Acanthocephala is a group of parasitic worms known as acanthocephalans, thorny-headed worms, or spiny-headed worms, characterized by the presence of an eversible proboscis, armed with spines, which it uses to pierce and hold the gut wall of its host. Acanthocephalans have complex life cycles, involving at least two hosts, which may include invertebrates, fish, amphibians, birds, and mammals. About 1,420 species have been described.
The Acanthocephala were long thought to be a discrete phylum.
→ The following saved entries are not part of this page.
Section PrimitiveIdempotents.
Variables (K : fieldType) (d : nat) (M : 'M[K]_d.+1) (th : 'I_d.+1 -> K).
Hypothesis th_inj : injective th.
Local Notation E := (prim_idem M th).

Lemma prim_idem_eigvec i j (y : 'cV[K]_d.+1) : M *m y = th j *: y -> E i *m y = (i == j)%:R *: y.
Proof.
move=> My; rewrite (@mulmx_prod_eigvec _ _ _ _ _ _ (fun k => (th i - th k)^-1 * (th j - th k))).
  have [<-|nij] := eqVneq i j; last by rewrite (bigD1 j) 1?eq_sym //= subrr mulr0 mul0r.
  rewrite big1 // => k nki; rewrite mulVf // subr_eq0.
  by apply: contra nki => /eqP/th_inj ->.
by move=> k _; rewrite -scalemxAl mulmxBl My mul_scalar_mx -scalerBl scalerA.
Qed.

Hypothesis th_eig : forall i, is_eigenvalue M (th i).

Lemma eigenbasis : exists2 X : 'M[K]_d.+1, X \in unitmx &
  forall j, M *m col j X = th j *: col j X.
Proof.
have [f Mf f_neq0] := fin_all_exists2 (fun i => eigenvalue_col (th_eig i)).
have colX j : col j (\matrix_(r, k) f k r 0) = f j by apply/matrixP=> r c; rewrite !mxE (ord1 c).
exists (\matrix_(r, k) f k r 0) => [|j]; last by rewrite colX.
apply: (@unitmx_triangular _ _ _ E) => [j k lt_kj|k]; rewrite colX (prim_idem_eigvec _ (Mf k)).
  by rewrite -val_eqE /= (gtn_eqF lt_kj) scale0r.
by rewrite eqxx scale1r f_neq0.
Qed.

Lemma mulmx_prim_idem i : M *m E i = th i *: E i.
Proof.
have [X Xu MX] := eigenbasis; apply: (mulmx_col_inj Xu) => j.
rewrite -mulmxA -scalemxAl (prim_idem_eigvec _ (MX j)) -scalemxAr MX !scalerA.
by have [->|_] := eqVneq i j; rewrite mulrC // !mulr0.
Qed.

Lemma mulmx_prim_idemv i (v : 'cV[K]_d.+1) : M *m (E i *m v) = th i *: (E i *m v).
Proof. by rewrite mulmxA mulmx_prim_idem -scalemxAl. Qed.

Lemma sum_prim_idem : \sum_i E i = 1%:M.
Proof.
have [X Xu MX] := eigenbasis; apply: (mulmx_col_inj Xu) => j.
rewrite mulmx_suml mul1mx (bigD1 j) //= big1 ?addr0.
  by rewrite (prim_idem_eigvec _ (MX j)) eqxx scale1r.
by move=> k /negbTE nkj; rewrite (prim_idem_eigvec _ (MX j)) nkj scale0r.
Qed.

Lemma eigvec_collinear i (y z : 'cV[K]_d.+1) :
  M *m y = th i *: y -> M *m z = th i *: z -> z != 0 -> exists c, y = c *: z.
Proof.
have [X Xu MX] := eigenbasis.
have coord (w : 'cV_d.+1) : M *m w = th i *: w -> w = (invmx X *m w) i 0 *: col i X.
  move=> /(prim_idem_eigvec i); rewrite eqxx scale1r => Ew.
  rewrite -[LHS]Ew -[in LHS](mulKVmx Xu w).
  exact: mulmx_biorthogonal (fun j k => prim_idem_eigvec j (MX k)).
move=> /coord -> /coord z_def z_neq0; set b := (invmx X *m z) i 0 in z_def.
have b_neq0 : b != 0 by apply: contra z_neq0 => /eqP b0; rewrite z_def b0 scale0r.
by exists ((invmx X *m y) i 0 / b); rewrite z_def scalerA divfK.
Qed.

(* Holds because E_j V is a line. *)
Lemma prim_idem_sandwich_neq0 (N : 'M[K]_d.+1) i j (y : 'cV[K]_d.+1) :
  E i *m N *m E j != 0 -> E j *m y != 0 -> E i *m N *m (E j *m y) != 0.
Proof.
move=> /exists_mulmx_neq0 [w ENEw] Ey_neq0; apply: contra ENEw => /eqP ENEy0; rewrite -mulmxA.
have [c ->] := eigvec_collinear (mulmx_prim_idemv j w) (mulmx_prim_idemv j y) Ey_neq0.
by rewrite -scalemxAr ENEy0 scaler0.
Qed.

Lemma prim_idem_comm i : E i *m M = M *m E i.
Proof.
have commM : GRing.comm M (E i).
  apply: commr_prod => j _; rewrite /GRing.comm -scalerAl -scalerAr; congr (_ *: _).
  apply: commrB; first exact: commr_refl.
  by rewrite /GRing.comm -!mulmxE scalar_mxC.
by rewrite !mulmxE commM.
Qed.

End PrimitiveIdempotents.

Section LowerHessenberg.
Variables (K : fieldType) (d : nat) (T : 'M[K]_d.+1).
Hypothesis T_hess : forall i k : 'I_d.+1, (k.+1 < i)%N -> T i k = 0.

Lemma prod_hessenberg_col0 (a : nat -> K) m (i : 'I_d.+1) :
  (m < i)%N -> (\prod_(k < m) (T - (a k)%:M)) i 0 = 0.
Proof.
elim: m a i => [|m IH] a i lt_mi; first by rewrite big_ord0 mxE; case: eqP lt_mi => [->|].
rewrite big_ord_recl -mulmxE mulmxBl mul_scalar_mx !mxE.
rewrite (IH (fun k => a k.+1)) 1?ltnW // mulr0 subr0 big1 // => j _.
have [le_jm|lt_mj] := leqP j m; first by rewrite T_hess ?mul0r //; lia.
by rewrite (IH (fun k => a k.+1)) ?mulr0.
Qed.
Recent genome analysis has shown that they are descended from, and should be considered as, highly modified rotifers. This unified taxon is sometimes known as Syndermata, or simply as Rotifera, with the acanthocephalans described as a subclass of a rotifer class Hemirotatoria.

History

The earliest recognisable description of Acanthocephala – a worm with a proboscis armed with hooks – was made by Italian author Francesco Redi. In 1771, Joseph Koelreuter proposed the name Acanthocephala. Philipp Ludwig Statius Müller independently called them Echinorhynchus in 1776. Karl Rudolphi in 1809 formally named them Acanthocephala.

Evolutionary history

The oldest known member of the group is the Middle Jurassic taxon Juracanthocephalus daohugouensis known from the Jiulongshan Formation. The fossil record of the group also includes eggs found in a coprolite from the Late Cretaceous Bauru Group of Brazil, around 70–80 million years old, likely from a crocodyliform. The group may have originated substantially earlier.

Phylogeny

Acanthocephalans are highly adapted to a parasitic mode of life, and have lost many organs and structures through evolutionary processes. This makes determining relationships with other higher taxa through morphological comparison problematic. A 2016 phylogenetic analysis of the gene order in the mitochondria suggests that Seisonidea and Acanthocephala are sister clades and that the Eurotatoria are the sister clade to this group, producing the cladogram below.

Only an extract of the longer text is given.